---------- INFORMATION PROVIDED ----------

(* Let $n,d\ge1$, $a,p\ge 0$, $s>0$, $r>0$, $K\ge 1$ integer, and let $S^c\subset\mathbb Z^d$. Consider a Hamiltonian, independent of $y$, of the form $$Q(x,w)=\sum_{\nu\in\mathbb Z^n,\ |\nu|_1\le K}\ \sum_{\alpha,\beta:\ |\alpha|+|\beta|\ge 1}e^{i\nu\cdot x}Q_{\nu,\alpha,\beta}z^\alpha\bar z^\beta,$$ in the variables $x\in\mathbb T^n_{\mathbb C}$ and $w=(z,\bar z)=(z_k,\bar z_k)_{k\in S^c}$ (so $Q$ has degree at least one in $w$ and is a trigonometric polynomial of degree $\le K$ in $x$). Write its Hamiltonian vector field as $X_Q=X_Q^{(y)}+X_Q^{(w)}$ with $$X_Q^{(y)}=\partial_xQ(x,w)\cdot\partial_y,\qquad X_Q^{(w)}=-i\,\partial_zQ(x,w)\cdot\partial_{\bar z}+i\,\partial_{\bar z}Q(x,w)\cdot\partial_z .$$ Then $$\|X_Q^{(y)}\|_{s,r}\le K\,\|X_Q^{(w)}\|_{s,r}.$$
   Context: $\ell^{(a,p)}$ denotes the space of sequences $u=(u_k)_{k\in S^c}$ with $\|u\|_{a,p}^2=|u_0|^2+\sum_{k}|u_k|^2e^{2a|k|}|k|^{2p}<\infty$ ($|k|$ the Euclidean norm); $|\cdot|_1$ on $\mathbb Z^n$ or $\mathbb C^n$ is the $\ell^1$ norm and $|\cdot|_\infty$ the max norm. $\mathbb T^n_s=\{x\in\mathbb C^n/2\pi\mathbb Z^n:\ |\mathrm{Im}\,x|\le s\}$ and $D(s,r)=\{(x,y,w):\ x\in\mathbb T^n_s,\ |y|_1\le r^2,\ \|w\|_{a,p}\le r\}$, with $w=(z,\bar z)\in\ell^{(a,p)}\times\ell^{(a,p)}$. On $V=\mathbb C^n\times\mathbb C^n\times\ell^{(a,p)}\times\ell^{(a,p)}$ put $\|(x,y,z,\bar z)\|_{V,s,r}=\frac{|x|_\infty}{s}+\frac{|y|_1}{r^2}+\frac{\|z\|_{a,p}}{r}+\frac{\|\bar z\|_{a,p}}{r}$. For a vector field with formal expansion $X=\sum_{\nu,i,\alpha,\beta}X^{(\mathtt v)}_{\nu,i,\alpha,\beta}e^{i\nu\cdot x}y^iz^\alpha\bar z^\beta\partial_{\mathtt v}$ ($\mathtt v=x,y,z,\bar z$), its majorant is $MX=\sum|X^{(\mathtt v)}_{\nu,i,\alpha,\beta}|e^{s|\nu|_1}y^iz^\alpha\bar z^\beta\partial_{\mathtt v}$ and its norm is $\|X\|_{s,r}=\sup_{(y,z,\bar z)\in D(s,r)}\|MX\|_{V,s,r}$. *)

From HB Require Import structures.
From mathcomp Require Import all_boot all_order all_algebra.
From mathcomp Require Import all_classical all_reals all_analysis.
From mathcomp Require Import finmap.
From mathcomp Require Import complex.

Set Implicit Arguments.
Unset Strict Implicit.
Unset Printing Implicit Defensive.

Import Order.TTheory GRing.Theory Num.Theory.
Local Open Scope ring_scope.
Local Open Scope classical_set_scope.

Section Defs.
Variable R : realType.

Definition cmod (z : R[i]) : R := Num.sqrt (@complex.Re R z ^+ 2 + @complex.Im R z ^+ 2).

Definition euclid (d : nat) (k : 'rV[int]_d) : R :=
  Num.sqrt (\sum_(i < d) ((k ord0 i)%:~R : R) ^+ 2).

Definition l1norm (n : nat) (nu : 'rV[int]_n) : R :=
  \sum_(i < n) `|((nu ord0 i)%:~R : R)|.

Definition weight (d : nat) (a p : R) (k : 'rV[int]_d) : R :=
  if k == 0 then 1 else expR (2 * a * euclid k) * (euclid k `^ (2 * p)).

Definition esqrt (x : \bar R) : \bar R :=
  match x with
  | r%:E => (Num.sqrt r)%:E
  | +oo%E => +oo%E
  | -oo%E => 0%E
  end.

Definition sqnorm (d : nat) (a p : R) (Sc : set 'rV[int]_d)
    (u : 'rV[int]_d -> R[i]) : \bar R :=
  (\esum_(k in Sc) ((weight a p k) * cmod (u k) ^+ 2)%:E)%E.

Definition ellnorm (d : nat) (a p : R) (Sc : set 'rV[int]_d)
    (A : 'rV[int]_d -> \bar R) : \bar R :=
  esqrt (\esum_(k in Sc) ((weight a p k)%:E * (A k * A k)))%E.

(* multi-indices alpha : S^c -> N with finite support *)
Definition mindex (d : nat) := {fsfun 'rV[int]_d -> nat with 0%N}.

Definition mdeg (d : nat) (al : mindex d) : nat := \sum_(k <- finsupp al) al k.

Definition supp_in (d : nat) (Sc : set 'rV[int]_d) (al : mindex d) : Prop :=
  forall k, k \in finsupp al -> Sc k.

Definition monabs (d : nat) (al : mindex d) (z : 'rV[int]_d -> R[i]) : R :=
  \prod_(k <- finsupp al) cmod (z k) ^+ al k.

(* |d/dz_k (z^alpha)| = alpha_k |z^(alpha - e_k)| *)
Definition dmonabs (d : nat) (k : 'rV[int]_d) (al : mindex d)
    (z : 'rV[int]_d -> R[i]) : R :=
  (al k)%:R * \prod_(j <- finsupp al)
                 cmod (z j) ^+ (if j == k then (al k).-1 else al j).

Definition Qidx (n d K : nat) (Sc : set 'rV[int]_d) :
    set ('rV[int]_n * mindex d * mindex d) :=
  [set t | l1norm t.1.1 <= K%:R /\ (1 <= mdeg t.1.2 + mdeg t.2)%N
           /\ supp_in Sc t.1.2 /\ supp_in Sc t.2].

Definition coefM (n d : nat) (s : R)
    (Q : 'rV[int]_n -> mindex d -> mindex d -> R[i])
    (t : 'rV[int]_n * mindex d * mindex d) : R :=
  cmod (Q t.1.1 t.1.2 t.2) * expR (s * l1norm t.1.1).

Definition Vnorm (s r : R) (xinf y1 zn zbn : \bar R) : \bar R :=
  (xinf * (s^-1)%:E + y1 * (r ^- 2)%:E + zn * (r^-1)%:E + zbn * (r^-1)%:E)%E.

(* the domain D(s,r); w = (z, zbar) with ||w||^2 = ||z||^2 + ||zbar||^2 *)
Definition Dsr (n d : nat) (a p s r : R) (Sc : set 'rV[int]_d) :
    set ((('I_n -> R[i]) * ('I_n -> R[i])) *
         (('rV[int]_d -> R[i]) * ('rV[int]_d -> R[i]))) :=
  [set P | (forall j, `|@complex.Im R (P.1.1 j)| <= s)
           /\ \sum_(j < n) cmod (P.1.2 j) <= r ^+ 2
           /\ (esqrt (sqnorm a p Sc P.2.1 + sqnorm a p Sc P.2.2) <= r%:E)%E].

(* majorant components of X_Q^(y) = d_x Q . d_y, at the point (z, zbar):
   coefficient of d_{y_j} is sum |i nu_j Q| e^{s|nu|_1} z^alpha zbar^beta *)
Definition XyM (n d K : nat) (s : R) (Sc : set 'rV[int]_d)
    (Q : 'rV[int]_n -> mindex d -> mindex d -> R[i])
    (z zb : 'rV[int]_d -> R[i]) (j : 'I_n) : \bar R :=
  (\esum_(t in @Qidx n d K Sc)
     (`|((t.1.1 ord0 j)%:~R : R)| * coefM s Q t
       * monabs t.1.2 z * monabs t.2 zb)%:E)%E.

(* majorant of the d_z component  i d_{zbar_k} Q *)
Definition XzM (n d K : nat) (s : R) (Sc : set 'rV[int]_d)
    (Q : 'rV[int]_n -> mindex d -> mindex d -> R[i])
    (z zb : 'rV[int]_d -> R[i]) (k : 'rV[int]_d) : \bar R :=
  (\esum_(t in @Qidx n d K Sc)
     (coefM s Q t * monabs t.1.2 z * dmonabs k t.2 zb)%:E)%E.

(* majorant of the d_zbar component  -i d_{z_k} Q *)
Definition XzbM (n d K : nat) (s : R) (Sc : set 'rV[int]_d)
    (Q : 'rV[int]_n -> mindex d -> mindex d -> R[i])
    (z zb : 'rV[int]_d -> R[i]) (k : 'rV[int]_d) : \bar R :=
  (\esum_(t in @Qidx n d K Sc)
     (coefM s Q t * dmonabs k t.1.2 z * monabs t.2 zb)%:E)%E.

Definition norm_Xy (n d K : nat) (a p s r : R) (Sc : set 'rV[int]_d)
    (Q : 'rV[int]_n -> mindex d -> mindex d -> R[i]) : \bar R :=
  ereal_sup [set Vnorm s r 0%E (\sum_(j < n) @XyM n d K s Sc Q P.2.1 P.2.2 j)%E 0%E 0%E
            | P in @Dsr n d a p s r Sc].

Definition norm_Xw (n d K : nat) (a p s r : R) (Sc : set 'rV[int]_d)
    (Q : 'rV[int]_n -> mindex d -> mindex d -> R[i]) : \bar R :=
  ereal_sup [set Vnorm s r 0%E 0%E
                   (@ellnorm d a p Sc (@XzM n d K s Sc Q P.2.1 P.2.2))
                   (@ellnorm d a p Sc (@XzbM n d K s Sc Q P.2.1 P.2.2))
            | P in @Dsr n d a p s r Sc].

End Defs.

From Pilot Require Import Defs.
From HB Require Import structures.
From mathcomp Require Import all_boot all_order all_algebra.
From mathcomp Require Import all_classical all_reals all_analysis.
From mathcomp Require Import finmap.
From mathcomp Require Import complex.
From mathcomp Require Import zify ring lra.

(* For a monomial e^{i nu.x} z^alpha zb^beta, the y-components of X_Q carry
   the factors |nu_j|, whose sum |nu|_1 is at most K.  Euler's identity gives
   (|alpha| + |beta|) |z^alpha zb^beta|
     = sum_k |z_k| |d_{z_k} z^alpha| |zb^beta| + sum_k |zb_k| |z^alpha| |d_{zb_k} zb^beta|,
   and |alpha| + |beta| >= 1, so the majorant of X_Q^(y) is at most K times the
   pairing of (|z|, |zb|) with the majorant of X_Q^(w).  Since the weights of
   l^(a,p) are >= 1, Cauchy-Schwarz bounds this pairing by r times the
   l^(a,p)-norms of the z- and zb-components, and the factors r^-2 and r^-1 in
   the norm on V turn this into the claim. *)

Set Implicit Arguments.
Unset Strict Implicit.
Unset Printing Implicit Defensive.

Import Order.TTheory GRing.Theory Num.Theory.
Local Open Scope ring_scope.
Local Open Scope classical_set_scope.

Section Reals.
Variable R : realType.
Lemma footprint_ok_nth d prev s i : footprint_ok e prev s -> i < size s ->
  exists w, [/\ w \in cnbh e (nth d s i),
    ~~ has (fun u => w \in cnbh e u) prev &
    forall j, j < i -> w \notin cnbh e (nth d s j)].
Proof.
elim: s prev i => [|v s IH] prev [|i] //= /andP[/existsP[w /andP[wv fresh_w]] fs] lt_i.
  by exists w.
have [w' [w'_i]] := IH _ i fs lt_i; rewrite /= negb_or => /andP[w'_v fresh_w'] w'_j.
by exists w'; split => // -[|j] //= /w'_j.
Qed.

End GrundyDomination.

Definition gamma_gr_formula (n m G : nat) : nat :=
  if m + 1 <= G then n %/ (m + 1) * (G - (m + 1)) + n else 2 * G + n - (2 * m + 2).

Lemma le_gamma_gr_formula n m G k R e : 2 * (m + 1) <= n -> 0 < G -> 0 < e ->
  k + R + e <= e * G + n -> R + e <= n -> 2 * m <= R -> (1 < e -> e * m <= R) ->
  k <= gamma_gr_formula n m G.
Proof.
move=> n_large G_gt0 e_gt0 k_le R_le R_2m R_em; set q := n %/ (m + 1).
have q_ge2 : 2 <= q by rewrite leq_divRL // addn1.
rewrite /gamma_gr_formula; case: (ltngtP e 1) => [| e_gt1 | e1]; first lia; last first.
  by subst e; case: ifP => _; nia.
have e_le_q : e <= q by rewrite leq_divRL ?addn1 //; have := R_em e_gt1; lia.
have := R_em e_gt1; have em : e * (m + 1) = e * m + e by rewrite mulnDr muln1.
case: ifP => G_large.
  have := leq_mul e_le_q (leqnn (G - (m + 1))).
  have : e * G = e * (G - (m + 1)) + e * (m + 1) by rewrite -mulnDr subnK.
  lia.
have := leq_mul e_gt1 (leqnn (m + 1 - G)).
have : e * (m + 1) = e * G + e * (m + 1 - G) by rewrite -mulnDr subnKC //; lia.
lia.
Qed.

(** * Cyclic offsets and the cycle power *)

Section CyclicOffset.
Variable n : nat.
Implicit Types x y z : 'I_n.

Definition off x y : nat := (y + n - x) %% n.

Lemma offE x y : off x y = if x <= y then y - x else y + n - x.
Proof.
rewrite /off; have := ltn_ord x; have := ltn_ord y; case: (leqP x y) => le_xy lt_y lt_x.
  by rewrite -addnBAC // modnDr modn_small //; lia.
by rewrite modn_small //; lia.
Qed.

Lemma off_id x : off x x = 0.
Proof. by rewrite /off addKn modnn. Qed.
Definition C2_on (U : R -> R -> Prop) (f : R -> R -> R) : Prop :=
  forall x y, U x y ->
    ex_derive (fun t => f t y) x /\ ex_derive (fun t => f x t) y /\
    ex_derive (fun t => D1 f t y) x /\ ex_derive (fun t => D1 f x t) y /\
    ex_derive (fun t => D2 f t y) x /\ ex_derive (fun t => D2 f x t) y /\
    cont2 f x y /\ cont2 (D1 f) x y /\ cont2 (D2 f) x y /\
    cont2 (D1 (D1 f)) x y /\ cont2 (D2 (D1 f)) x y /\
    cont2 (D1 (D2 f)) x y /\ cont2 (D2 (D2 f)) x y.

Definition laplacian (f : R -> R -> R) (x y : R) : R :=
  D1 (D1 f) x y + D2 (D2 f) x y.

Definition open_half (x y : R) : Prop := 0 < x.
Definition closed_half (x y : R) : Prop := 0 <= x.

(* For g = e^u |dw|^2:  kappa_g = -1/2 e^{-u} Delta u *)
Definition gauss_curv (u : R -> R -> R) (x y : R) : R :=
  - / 2 * exp (- u x y) * laplacian u x y.

(* For phi = dw^3 (|phi| = 1):  ||phi||_g^2 = e^{-3u} |phi|^2 = e^{-3u} *)
Definition phi_norm2 (u : R -> R -> R) (x y : R) : R := exp (- 3 * u x y).

Definition modw (x y : R) : R := sqrt (x ^ 2 + y ^ 2).

(* B_j = { i(b_j - a_j) + rho e^{i theta} : rho >= 0, -pi/2 <= theta <= -pi/6 },
   with c = b_j - a_j: X = x >= 0 and Y = y - c <= - X / sqrt 3. *)
Definition in_B (c x y : R) : Prop := 0 <= x /\ sqrt 3 * (y - c) <= - x.

(* gluing map w |-> e^{2 pi i/3} (w - i c) + i b, with c = b_{i+1} - a_{i+1}, b = b_i,
   e^{2 pi i/3} = -1/2 + i sqrt3/2 *)
Definition glue_x (c b x y : R) : R := - x / 2 - sqrt 3 * (y - c) / 2.
Definition glue_y (c b x y : R) : R := sqrt 3 * x / 2 - (y - c) / 2 + b.

(* With [g = e^u |dw|^2] the curvature equation reads [Delta u = F u], where
   [F s = 2 e^s - 2 e^(-2 s)], and nonpositive curvature forces [u >= 0].
   Comparing [u] on unit disks with the barrier [ln 8 - 2 ln (1 - |w - w0|^2)]
   (a Keller-Osserman argument) gives [u <= ln 8] at distance [>= 1] from the boundary
   of a half-plane, and the gluing brings every point far from the segment
   [i [b - a, b]] to such a position in a neighbouring half-plane.  Let [rho] be the
   distance to that segment, which the gluing preserves.  The explicit solution [Phi]
   of [Phi'' = 6 Phi - 3 Phi^2] decays like [e^(-sqrt 6 rho)], and since the level sets
   of [rho] have curvature at most [1/rho] and [F s >= 6 s - 3 s^2], the function
   [Phi (rho) + eps e^rho] is a supersolution.  The maximum principle, run on all
   half-planes at once and using the gluing to push maxima off the boundary lines,
   gives [u <= Phi (rho) <= C e^(-sqrt 6 |w|)]. *)

From Stdlib Require Import Reals Lra Lia ClassicalEpsilon.
From Coquelicot Require Import Coquelicot.
Open Scope R_scope.

(** * Second-order calculus in one variable *)

Lemma continuity_pt_of_is_derive (f : R -> R) (x df : R) :
  is_derive f x df -> continuity_pt f x.
Proof.
  intro H. apply continuity_pt_filterlim.
  apply (@ex_derive_continuous R_AbsRing R_NormedModule). now exists df.
Qed.
Lemma split_stabilizer (W : {vspace E}) : Pomega sigma eps Lam q W ->
  forall (F : vectType K) (qF : F -> F -> K) (pi : 'Hom(E, F)),
    is_quotient sigma eps Lam q W qF pi ->
    exists s, split_section sigma eps Lam q qF pi
      (fun f => isomE sigma eps Lam q f /\ (f @: W = W)%VS) (GLR sigma eps Lam q (W := W)) s.
Proof.
move=> [isoW radW _ _] F qF pi quotW; set R := (W :&: perp fullv)%VS.
have isoR : isotropic sigma eps Lam q R by apply: isotropicS isoW; apply: capvSl.
have WR_full : (W + perp R = fullv)%VS.
  apply/vspaceP => v; rewrite memvf; apply: (subvP (addvSr W _)).
  by apply/orthvP => r /memv_capP [_ /orthvP r_perp]; apply/omega_eq0_sym/r_perp/memvf.
have [k [w [d [w_span d_dual _]]]] := exists_hyperbolic_frame isoW radW isoR WR_full.
have [d_w _ _] := d_dual; have [T T_sec] := exists_orth_section quotW isoW w_span.1 d_w.
exact (lift_split_stabilizer quotW isoW radW w_span d_dual T_sec).
Qed.

Lemma split_relative_stabilizer (U W : {vspace E}) :
  Pomega sigma eps Lam q U -> PomegaU sigma eps Lam q U W ->
  forall (F : vectType K) (qF : F -> F -> K) (pi : 'Hom(E, F)),
    is_quotient sigma eps Lam q W qF pi ->
    exists s, split_section sigma eps Lam q qF pi
      (fun f => [/\ isomE sigma eps Lam q f, (forall u, u \in U -> f u = u) & (f @: W = W)%VS])
      (ATid sigma eps Lam q (W := W) (W :&: perp U)%VS) s.
Proof.
move=> [isoU _ _ _] [[isoW radW _ _] WU_full] F qF pi quotW.
have [k [w [d [w_span d_dual U_d]]]] := exists_hyperbolic_frame isoW radW isoU WU_full.
have [d_w _ _] := d_dual; have [T T_sec] := exists_orth_section quotW isoW w_span.1 d_w.
exact (lift_split_relative quotW isoW radW w_span d_dual T_sec U_d).
Qed.

End FormParameter.

Theorem proposition5p5 (K : fieldType) (sigma : {rmorphism K -> K}) (eps : K)
    (Lam : {pred K}) (E : vectType K) (q : E -> E -> K) :
  form_param sigma eps Lam -> sesq sigma q ->
  (* (1) *)
  (forall W : {vspace E}, Pomega sigma eps Lam q W ->
   forall (F : vectType K) (qF : F -> F -> K) (pi : 'Hom(E, F)),
     is_quotient sigma eps Lam q W qF pi ->
     exists s, split_section sigma eps Lam q qF pi
       (fun f => isomE sigma eps Lam q f /\ (f @: W = W)%VS)
       (GLR sigma eps Lam q (W:=W)) s) /\
  (* (2) *)
  (forall U W : {vspace E}, Pomega sigma eps Lam q U ->
   PomegaU sigma eps Lam q U W ->
   forall (F : vectType K) (qF : F -> F -> K) (pi : 'Hom(E, F)),
     is_quotient sigma eps Lam q W qF pi ->
     exists s, split_section sigma eps Lam q qF pi
       (fun f => [/\ isomE sigma eps Lam q f,
                     (forall u, u \in U -> f u = u) & (f @: W = W)%VS])
       (ATid sigma eps Lam q (W:=W) (W :&: orthv sigma eps q U)%VS) s).
Proof.
move=> fp sesq_q; split.
  exact (split_stabilizer fp sesq_q).
exact (split_relative_stabilizer fp sesq_q).
Qed.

----------

- _WHAT YOU SHOULD DO_: Filter the records above for the string "dmonabs" and copy each matching line.

- _ANSWER AREA_:
Definition dmonabs (d : nat) (k : 'rV[int]_d) (al : mindex d)
     (coefM s Q t * monabs t.1.2 z * dmonabs k t.2 zb)%:E)%E.
     (coefM s Q t * dmonabs k t.1.2 z * monabs t.2 zb)%:E)%E.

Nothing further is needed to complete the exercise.